Performance Materials expected to resume growth as of 2020
Performance Materials has made significant progress with the implementation of its “Bright Future” transformation program announced in summer 2018. As a leading solutions provider in the electronic materials business, Performance Materials aims to benefit from sustainable growth trends, particularly the trend towards increasingly higher data volumes worldwide. As of 2020, Merck assumes that average annual sales growth in Performance Materials will range between 2% and 3%. The long-term EBITDA pre margin target is around 30%. Merck continues to assume that the market for semiconductor materials, measured in terms of silicon wafer area shipments (MSI, million square inches), will return to growth as of 2020. The planned acquisitions of the U.S. companies Versum Materials for around US$ 6.5 billion and Intermolecular for around US$ 62 million are expected to close in the second half of 2019, subject to regulatory clearances and the satisfaction of other customary closing conditions. The integration planning process has already made excellent progress.

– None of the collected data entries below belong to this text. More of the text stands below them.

(* Let $\sigma\subseteq E_0$ be a reasonable strategy of player $0$ in the escape arena $\mathcal{A}_\bot$. Define $\mathcal{V}_\bot:V\cup\{\bot\}\to\mathcal{P}$ by $\mathcal{V}_\bot(\bot)=\text{\o}$ and $\mathcal{V}_\bot(s)=\infty$ for $s\in V$, and the operator $F_\sigma$ on maps $\mathcal{V}:V\cup\{\bot\}\to\mathcal{P}$ by $F_\sigma[\mathcal{V}](\bot)=\text{\o}$, $F_\sigma[\mathcal{V}](s)=\wp(s)+\min^{\preceq}\{\mathcal{V}(t)\mid (s,t)\in E_1\}$ if $s\in V_1$, and $F_\sigma[\mathcal{V}](s)=\wp(s)+\max^{\preceq}\{\mathcal{V}(t)\mid (s,t)\in\sigma\}$ if $s\in V_0$. Then the valuation $\mathcal{V}_\sigma$ is the limit of the sequence $F_\sigma^i[\mathcal{V}_\bot]$ as $i\to\infty$, and this limit is reached after at most $|V|$ iterations.
   Context: Parity game arena: $\mathcal{A}=(V,E,o,c)$ with $V$ finite, $E\subseteq V\times V$, every vertex has a successor, owner map $o:V\to\{0,1\}$, colouring $c:V\to\{0,\dots,d-1\}$; $V_i=o^{-1}(i)$. An infinite vertex sequence is won by player $0$ iff the largest colour occurring infinitely often is even. A cycle is $i$-dominated if its largest colour has parity $i$. Escape arena $\mathcal{A}_\bot$: vertices $V\cup\{\bot\}$, edges $E\cup(V_0\times\{\bot\})$, $\bot$ owned by player $0$ with no outgoing edges. $E_0$ = edges of $\mathcal{A}_\bot$ leaving $V_0$, $E_1=E\cap(V_1\times V)$. A strategy of player $i$ is a set $\sigma\subseteq E_i$ with $s\sigma\neq\emptyset$ for all $s\in V_i$. $\mathcal{A}_\bot|_{\sigma,\tau}$ has edges $\sigma\cup\tau$, $\mathcal{A}_\bot|_\sigma$ has edges $\sigma\cup E_1$; plays are maximal paths (infinite or ending in $\bot$). Colour profiles $\mathcal{P}=\mathbb{Z}^d\cup\{-\infty,\infty\}$, $\text{\o}$ zero vector; $\wp(s)$ unit vector at coordinate $c(s)$; for a finite path the sum over vertices in $V$; infinite play: $\infty$ if won by player $0$, else $-\infty$. Addition componentwise, $x+\pm\infty=\pm\infty$. Order $\prec$: $-\infty$ least, $\infty$ greatest; for distinct $p,p'\in\mathbb{Z}^d$ with $k$ the largest differing index, $p\prec p'$ iff ($k$ even, $p_k<p'_k$) or ($k$ odd, $p_k>p'_k$). Valuation: $\mathcal{V}_\sigma(\bot)=\text{\o}$, $\mathcal{V}_\sigma(s)=\min^\prec_\tau\max^\prec\{\wp(\pi)\mid\pi$ a play in $\mathcal{A}_\bot|_{\sigma,\tau}$ from $s\}$, min over player-$1$ strategies $\tau$. $\sigma$ is reasonable if $\mathcal{A}_\bot|_\sigma$ has no $1$-dominated cycle. *)

From HB Require Import structures.
From mathcomp Require Import all_boot all_order all_algebra.
Set Implicit Arguments. Unset Strict Implicit. Unset Printing Implicit Defensive.
Import Order.TTheory GRing.Theory Num.Theory.
Local Open Scope ring_scope.

(* Colour profiles  P = Z^d ∪ {-oo, +oo}.  Vectors are finite functions 'I_d -> int. *)
Inductive profile (d : nat) :=
  | PNegInf
  | PInf
  | PVec of {ffun 'I_d -> int}.
Arguments PNegInf {d}.
Arguments PInf {d}.

Section Profiles.
Variable d : nat.
Implicit Types p q : {ffun 'I_d -> int}.

Definition vec_lt p q : bool :=
  [exists k : 'I_d,
     [&& p k != q k,
         [forall j : 'I_d, (k < j)%N ==> (p j == q j)] &
         (if odd k then q k < p k else p k < q k)]].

The OLED materials business is also showing a tremendous growth dynamic. According to industry estimates, the volume of the overall market for OLED materials will exceed that for liquid crystal materials as of 2022. In August, Merck and Universal Display Corporation (UDC) announced an R&D cooperation in the OLED field in order to accelerate the development of new products and further advance OLED technology. In 2016, a collaboration agreement was entered into with Idemitsu Kosan, likewise a well-established developer of OLED materials. In order to further strengthen its presence in the OLED materials market in Asia, Merck opened an OLED technology center in Shanghai in 2018 in addition to its existing centers in Southeast Asia. Merck wants to work as a local partner with customers to advance innovations and shorten time-to-market.